*DIRECTIONS FOR THIS TASK:* Find the line holding "(* d is how" in the entries below. Give it again exactly, along with every line after it up to and including the line holding "(hNmax : forall".
··· INPUT RECORDS
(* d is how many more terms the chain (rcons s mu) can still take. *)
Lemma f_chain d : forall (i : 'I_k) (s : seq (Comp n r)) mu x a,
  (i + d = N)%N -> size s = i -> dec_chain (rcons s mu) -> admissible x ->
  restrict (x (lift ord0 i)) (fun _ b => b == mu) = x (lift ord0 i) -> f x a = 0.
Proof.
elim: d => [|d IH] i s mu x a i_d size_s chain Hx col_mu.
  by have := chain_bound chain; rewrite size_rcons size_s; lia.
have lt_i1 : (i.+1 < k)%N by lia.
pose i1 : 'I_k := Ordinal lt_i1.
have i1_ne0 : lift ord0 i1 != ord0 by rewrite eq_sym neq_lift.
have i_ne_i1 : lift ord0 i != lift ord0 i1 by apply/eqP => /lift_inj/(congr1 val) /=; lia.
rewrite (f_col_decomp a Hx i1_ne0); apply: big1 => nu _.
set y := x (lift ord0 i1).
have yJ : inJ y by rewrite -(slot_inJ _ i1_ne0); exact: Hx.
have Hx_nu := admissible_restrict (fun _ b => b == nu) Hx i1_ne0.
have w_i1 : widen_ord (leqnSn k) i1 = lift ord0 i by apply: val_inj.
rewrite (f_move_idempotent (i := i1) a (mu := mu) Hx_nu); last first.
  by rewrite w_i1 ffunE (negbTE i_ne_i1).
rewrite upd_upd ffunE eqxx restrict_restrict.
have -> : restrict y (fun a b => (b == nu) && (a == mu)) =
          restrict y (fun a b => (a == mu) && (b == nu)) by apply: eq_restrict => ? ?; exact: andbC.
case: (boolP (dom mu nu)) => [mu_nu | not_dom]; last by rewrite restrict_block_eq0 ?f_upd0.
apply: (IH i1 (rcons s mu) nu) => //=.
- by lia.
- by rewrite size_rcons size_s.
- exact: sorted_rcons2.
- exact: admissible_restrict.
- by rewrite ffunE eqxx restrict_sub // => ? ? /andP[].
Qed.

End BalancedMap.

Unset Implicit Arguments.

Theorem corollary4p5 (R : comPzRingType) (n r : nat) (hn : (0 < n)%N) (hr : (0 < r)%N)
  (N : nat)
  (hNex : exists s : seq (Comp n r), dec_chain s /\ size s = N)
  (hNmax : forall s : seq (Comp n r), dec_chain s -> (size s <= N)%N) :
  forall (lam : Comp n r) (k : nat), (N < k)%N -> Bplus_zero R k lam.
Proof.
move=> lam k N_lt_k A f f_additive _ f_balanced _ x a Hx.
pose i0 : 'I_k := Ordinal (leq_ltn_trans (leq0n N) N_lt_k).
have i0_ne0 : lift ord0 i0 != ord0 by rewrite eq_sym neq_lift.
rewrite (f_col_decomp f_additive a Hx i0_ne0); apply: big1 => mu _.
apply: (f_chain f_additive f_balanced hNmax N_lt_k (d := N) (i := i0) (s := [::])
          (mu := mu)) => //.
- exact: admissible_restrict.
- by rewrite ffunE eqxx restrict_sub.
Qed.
······
··· INPUT RECORDS
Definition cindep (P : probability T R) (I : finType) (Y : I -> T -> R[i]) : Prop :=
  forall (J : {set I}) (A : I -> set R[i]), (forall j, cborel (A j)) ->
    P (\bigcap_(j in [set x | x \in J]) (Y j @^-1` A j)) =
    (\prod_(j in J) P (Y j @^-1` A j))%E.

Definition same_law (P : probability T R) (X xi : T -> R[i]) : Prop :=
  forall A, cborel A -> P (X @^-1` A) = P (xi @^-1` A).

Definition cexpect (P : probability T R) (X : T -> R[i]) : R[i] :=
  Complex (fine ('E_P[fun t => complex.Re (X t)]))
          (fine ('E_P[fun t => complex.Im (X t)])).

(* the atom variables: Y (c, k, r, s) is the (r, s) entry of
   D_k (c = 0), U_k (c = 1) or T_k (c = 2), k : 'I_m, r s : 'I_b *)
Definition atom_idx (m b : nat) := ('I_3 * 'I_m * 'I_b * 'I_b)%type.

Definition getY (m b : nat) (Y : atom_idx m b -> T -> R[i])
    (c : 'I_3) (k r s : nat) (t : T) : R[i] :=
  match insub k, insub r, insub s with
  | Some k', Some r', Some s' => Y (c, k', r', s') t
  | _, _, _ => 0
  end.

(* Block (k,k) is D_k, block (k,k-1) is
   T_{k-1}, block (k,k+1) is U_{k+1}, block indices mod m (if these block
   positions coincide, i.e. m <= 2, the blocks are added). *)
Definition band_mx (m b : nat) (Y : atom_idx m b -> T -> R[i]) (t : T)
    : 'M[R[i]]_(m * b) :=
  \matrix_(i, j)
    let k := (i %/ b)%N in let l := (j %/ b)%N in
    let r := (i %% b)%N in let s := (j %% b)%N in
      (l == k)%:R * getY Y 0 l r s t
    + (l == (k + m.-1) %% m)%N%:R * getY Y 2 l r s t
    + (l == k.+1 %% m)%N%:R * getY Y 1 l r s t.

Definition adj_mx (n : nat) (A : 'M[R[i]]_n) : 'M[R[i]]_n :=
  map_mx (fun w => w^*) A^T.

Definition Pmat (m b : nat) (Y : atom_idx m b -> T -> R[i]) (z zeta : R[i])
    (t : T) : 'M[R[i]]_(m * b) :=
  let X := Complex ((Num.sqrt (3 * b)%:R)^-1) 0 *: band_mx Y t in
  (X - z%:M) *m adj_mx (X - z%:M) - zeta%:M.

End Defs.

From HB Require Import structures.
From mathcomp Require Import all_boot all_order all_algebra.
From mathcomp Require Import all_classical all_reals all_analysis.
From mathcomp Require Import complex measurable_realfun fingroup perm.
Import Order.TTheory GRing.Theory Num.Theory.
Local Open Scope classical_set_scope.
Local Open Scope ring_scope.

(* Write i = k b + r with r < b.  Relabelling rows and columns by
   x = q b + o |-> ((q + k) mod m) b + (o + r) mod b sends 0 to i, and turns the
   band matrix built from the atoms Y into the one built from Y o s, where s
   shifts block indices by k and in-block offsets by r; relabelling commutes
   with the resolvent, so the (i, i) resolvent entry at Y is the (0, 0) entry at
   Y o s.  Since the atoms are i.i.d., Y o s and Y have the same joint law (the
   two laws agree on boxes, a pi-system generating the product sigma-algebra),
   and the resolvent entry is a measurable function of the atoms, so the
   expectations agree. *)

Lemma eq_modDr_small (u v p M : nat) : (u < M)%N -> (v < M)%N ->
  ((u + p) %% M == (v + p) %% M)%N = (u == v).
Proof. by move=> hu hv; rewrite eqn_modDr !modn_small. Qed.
······
··· INPUT RECORDS
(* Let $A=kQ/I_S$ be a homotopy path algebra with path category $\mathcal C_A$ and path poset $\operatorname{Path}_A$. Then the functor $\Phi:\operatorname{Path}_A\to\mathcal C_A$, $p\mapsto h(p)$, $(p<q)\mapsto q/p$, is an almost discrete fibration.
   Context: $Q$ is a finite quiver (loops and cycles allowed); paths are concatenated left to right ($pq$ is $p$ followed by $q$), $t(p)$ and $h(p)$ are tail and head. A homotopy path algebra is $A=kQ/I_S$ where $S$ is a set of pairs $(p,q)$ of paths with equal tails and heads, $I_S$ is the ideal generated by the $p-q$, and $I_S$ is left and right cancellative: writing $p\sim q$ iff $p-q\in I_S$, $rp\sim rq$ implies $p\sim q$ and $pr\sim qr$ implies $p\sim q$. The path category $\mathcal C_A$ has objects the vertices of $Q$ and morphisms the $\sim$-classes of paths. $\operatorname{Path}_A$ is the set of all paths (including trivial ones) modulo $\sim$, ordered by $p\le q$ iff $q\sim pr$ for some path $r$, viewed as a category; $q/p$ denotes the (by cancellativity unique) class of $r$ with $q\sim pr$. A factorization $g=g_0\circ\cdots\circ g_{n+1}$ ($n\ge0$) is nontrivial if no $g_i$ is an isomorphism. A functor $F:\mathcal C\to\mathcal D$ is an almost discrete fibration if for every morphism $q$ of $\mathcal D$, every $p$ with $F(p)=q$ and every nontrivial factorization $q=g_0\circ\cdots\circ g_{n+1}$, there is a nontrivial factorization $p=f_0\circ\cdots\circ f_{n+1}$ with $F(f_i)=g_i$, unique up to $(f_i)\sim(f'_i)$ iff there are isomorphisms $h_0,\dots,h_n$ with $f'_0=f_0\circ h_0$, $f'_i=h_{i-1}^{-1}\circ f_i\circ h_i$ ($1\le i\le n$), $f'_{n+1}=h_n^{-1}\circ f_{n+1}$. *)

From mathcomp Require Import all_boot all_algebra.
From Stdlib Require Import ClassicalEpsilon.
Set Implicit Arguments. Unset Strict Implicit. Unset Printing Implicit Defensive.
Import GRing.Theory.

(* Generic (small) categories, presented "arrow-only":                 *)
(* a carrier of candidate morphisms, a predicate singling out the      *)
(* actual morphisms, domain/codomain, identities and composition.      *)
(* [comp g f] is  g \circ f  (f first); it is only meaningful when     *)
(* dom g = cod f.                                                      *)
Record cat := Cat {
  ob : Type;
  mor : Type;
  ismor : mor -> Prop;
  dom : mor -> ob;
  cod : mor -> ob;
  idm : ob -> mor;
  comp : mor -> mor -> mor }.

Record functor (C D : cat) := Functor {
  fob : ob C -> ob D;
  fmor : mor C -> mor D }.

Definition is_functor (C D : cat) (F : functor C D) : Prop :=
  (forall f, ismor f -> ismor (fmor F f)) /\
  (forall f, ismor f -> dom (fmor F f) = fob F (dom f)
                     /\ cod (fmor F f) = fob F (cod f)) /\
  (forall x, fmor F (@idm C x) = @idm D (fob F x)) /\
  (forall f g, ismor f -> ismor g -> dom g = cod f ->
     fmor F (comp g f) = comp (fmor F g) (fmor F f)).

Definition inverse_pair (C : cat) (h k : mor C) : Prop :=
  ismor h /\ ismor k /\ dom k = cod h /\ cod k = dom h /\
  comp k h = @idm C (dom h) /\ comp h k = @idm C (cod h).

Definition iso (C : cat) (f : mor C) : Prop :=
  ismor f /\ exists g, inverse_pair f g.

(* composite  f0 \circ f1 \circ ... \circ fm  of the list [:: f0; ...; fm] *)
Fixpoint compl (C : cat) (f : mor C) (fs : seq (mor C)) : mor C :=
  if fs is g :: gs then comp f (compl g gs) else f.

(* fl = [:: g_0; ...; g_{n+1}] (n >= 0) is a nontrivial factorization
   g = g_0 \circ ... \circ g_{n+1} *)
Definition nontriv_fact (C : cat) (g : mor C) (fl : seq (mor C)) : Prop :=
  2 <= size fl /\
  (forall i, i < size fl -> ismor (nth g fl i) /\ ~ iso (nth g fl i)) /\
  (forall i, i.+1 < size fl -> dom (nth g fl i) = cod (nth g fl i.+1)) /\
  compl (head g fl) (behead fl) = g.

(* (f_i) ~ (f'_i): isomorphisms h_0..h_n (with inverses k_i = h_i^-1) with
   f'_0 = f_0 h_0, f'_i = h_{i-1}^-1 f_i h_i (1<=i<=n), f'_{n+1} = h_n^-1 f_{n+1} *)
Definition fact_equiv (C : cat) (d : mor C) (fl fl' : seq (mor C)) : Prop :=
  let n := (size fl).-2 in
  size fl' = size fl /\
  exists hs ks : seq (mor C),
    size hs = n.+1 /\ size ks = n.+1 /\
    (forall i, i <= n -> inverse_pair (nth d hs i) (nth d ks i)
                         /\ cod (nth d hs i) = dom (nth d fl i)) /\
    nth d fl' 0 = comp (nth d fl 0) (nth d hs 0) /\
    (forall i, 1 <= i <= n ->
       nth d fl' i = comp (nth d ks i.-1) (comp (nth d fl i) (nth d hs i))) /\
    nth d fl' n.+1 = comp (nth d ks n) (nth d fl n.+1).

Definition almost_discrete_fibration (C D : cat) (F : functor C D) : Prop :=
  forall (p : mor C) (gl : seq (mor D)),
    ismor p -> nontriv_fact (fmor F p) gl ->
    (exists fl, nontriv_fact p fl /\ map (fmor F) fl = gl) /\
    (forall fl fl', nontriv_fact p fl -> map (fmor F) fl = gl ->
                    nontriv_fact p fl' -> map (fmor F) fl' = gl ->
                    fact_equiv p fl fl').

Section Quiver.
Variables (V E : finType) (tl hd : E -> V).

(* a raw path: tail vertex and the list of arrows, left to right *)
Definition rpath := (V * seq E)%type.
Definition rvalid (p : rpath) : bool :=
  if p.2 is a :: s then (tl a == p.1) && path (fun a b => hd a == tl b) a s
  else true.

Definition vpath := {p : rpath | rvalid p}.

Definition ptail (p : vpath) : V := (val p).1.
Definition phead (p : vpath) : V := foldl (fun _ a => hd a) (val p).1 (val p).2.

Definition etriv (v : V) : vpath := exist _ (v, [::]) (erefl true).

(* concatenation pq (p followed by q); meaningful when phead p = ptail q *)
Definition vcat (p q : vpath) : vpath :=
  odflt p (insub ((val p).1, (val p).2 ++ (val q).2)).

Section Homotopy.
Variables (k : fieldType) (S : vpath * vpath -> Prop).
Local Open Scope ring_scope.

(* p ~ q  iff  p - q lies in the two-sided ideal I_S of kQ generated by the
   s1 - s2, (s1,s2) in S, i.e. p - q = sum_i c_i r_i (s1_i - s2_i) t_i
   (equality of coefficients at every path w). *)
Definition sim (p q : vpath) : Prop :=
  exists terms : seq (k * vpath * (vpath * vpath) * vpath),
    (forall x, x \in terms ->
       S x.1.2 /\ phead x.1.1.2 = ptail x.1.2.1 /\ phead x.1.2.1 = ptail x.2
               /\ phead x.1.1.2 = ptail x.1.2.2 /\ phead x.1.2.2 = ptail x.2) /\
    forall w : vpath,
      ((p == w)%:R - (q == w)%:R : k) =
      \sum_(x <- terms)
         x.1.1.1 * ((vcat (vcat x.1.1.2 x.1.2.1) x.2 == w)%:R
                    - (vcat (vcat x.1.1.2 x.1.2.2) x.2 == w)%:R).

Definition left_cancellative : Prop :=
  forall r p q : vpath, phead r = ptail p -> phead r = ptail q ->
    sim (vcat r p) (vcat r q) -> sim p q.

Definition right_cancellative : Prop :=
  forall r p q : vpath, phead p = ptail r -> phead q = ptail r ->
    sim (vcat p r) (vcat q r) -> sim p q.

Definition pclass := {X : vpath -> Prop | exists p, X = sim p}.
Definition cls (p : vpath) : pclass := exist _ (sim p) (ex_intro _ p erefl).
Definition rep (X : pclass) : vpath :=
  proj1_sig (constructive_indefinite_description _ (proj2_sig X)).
······
*EXERCISE OUTPUT:*
(* d is how many more terms the chain (rcons s mu) can still take. *)
Lemma f_chain d : forall (i : 'I_k) (s : seq (Comp n r)) mu x a,
  (i + d = N)%N -> size s = i -> dec_chain (rcons s mu) -> admissible x ->
  restrict (x (lift ord0 i)) (fun _ b => b == mu) = x (lift ord0 i) -> f x a = 0.
Proof.
elim: d => [|d IH] i s mu x a i_d size_s chain Hx col_mu.
  by have := chain_bound chain; rewrite size_rcons size_s; lia.
have lt_i1 : (i.+1 < k)%N by lia.
pose i1 : 'I_k := Ordinal lt_i1.
have i1_ne0 : lift ord0 i1 != ord0 by rewrite eq_sym neq_lift.
have i_ne_i1 : lift ord0 i != lift ord0 i1 by apply/eqP => /lift_inj/(congr1 val) /=; lia.
rewrite (f_col_decomp a Hx i1_ne0); apply: big1 => nu _.
set y := x (lift ord0 i1).
have yJ : inJ y by rewrite -(slot_inJ _ i1_ne0); exact: Hx.
have Hx_nu := admissible_restrict (fun _ b => b == nu) Hx i1_ne0.
have w_i1 : widen_ord (leqnSn k) i1 = lift ord0 i by apply: val_inj.
rewrite (f_move_idempotent (i := i1) a (mu := mu) Hx_nu); last first.
  by rewrite w_i1 ffunE (negbTE i_ne_i1).
rewrite upd_upd ffunE eqxx restrict_restrict.
have -> : restrict y (fun a b => (b == nu) && (a == mu)) =
          restrict y (fun a b => (a == mu) && (b == nu)) by apply: eq_restrict => ? ?; exact: andbC.
case: (boolP (dom mu nu)) => [mu_nu | not_dom]; last by rewrite restrict_block_eq0 ?f_upd0.
apply: (IH i1 (rcons s mu) nu) => //=.
- by lia.
- by rewrite size_rcons size_s.
- exact: sorted_rcons2.
- exact: admissible_restrict.
- by rewrite ffunE eqxx restrict_sub // => ? ? /andP[].
Qed.

End BalancedMap.

Unset Implicit Arguments.

Theorem corollary4p5 (R : comPzRingType) (n r : nat) (hn : (0 < n)%N) (hr : (0 < r)%N)
  (N : nat)
  (hNex : exists s : seq (Comp n r), dec_chain s /\ size s = N)
  (hNmax : forall s : seq (Comp n r), dec_chain s -> (size s <= N)%N) :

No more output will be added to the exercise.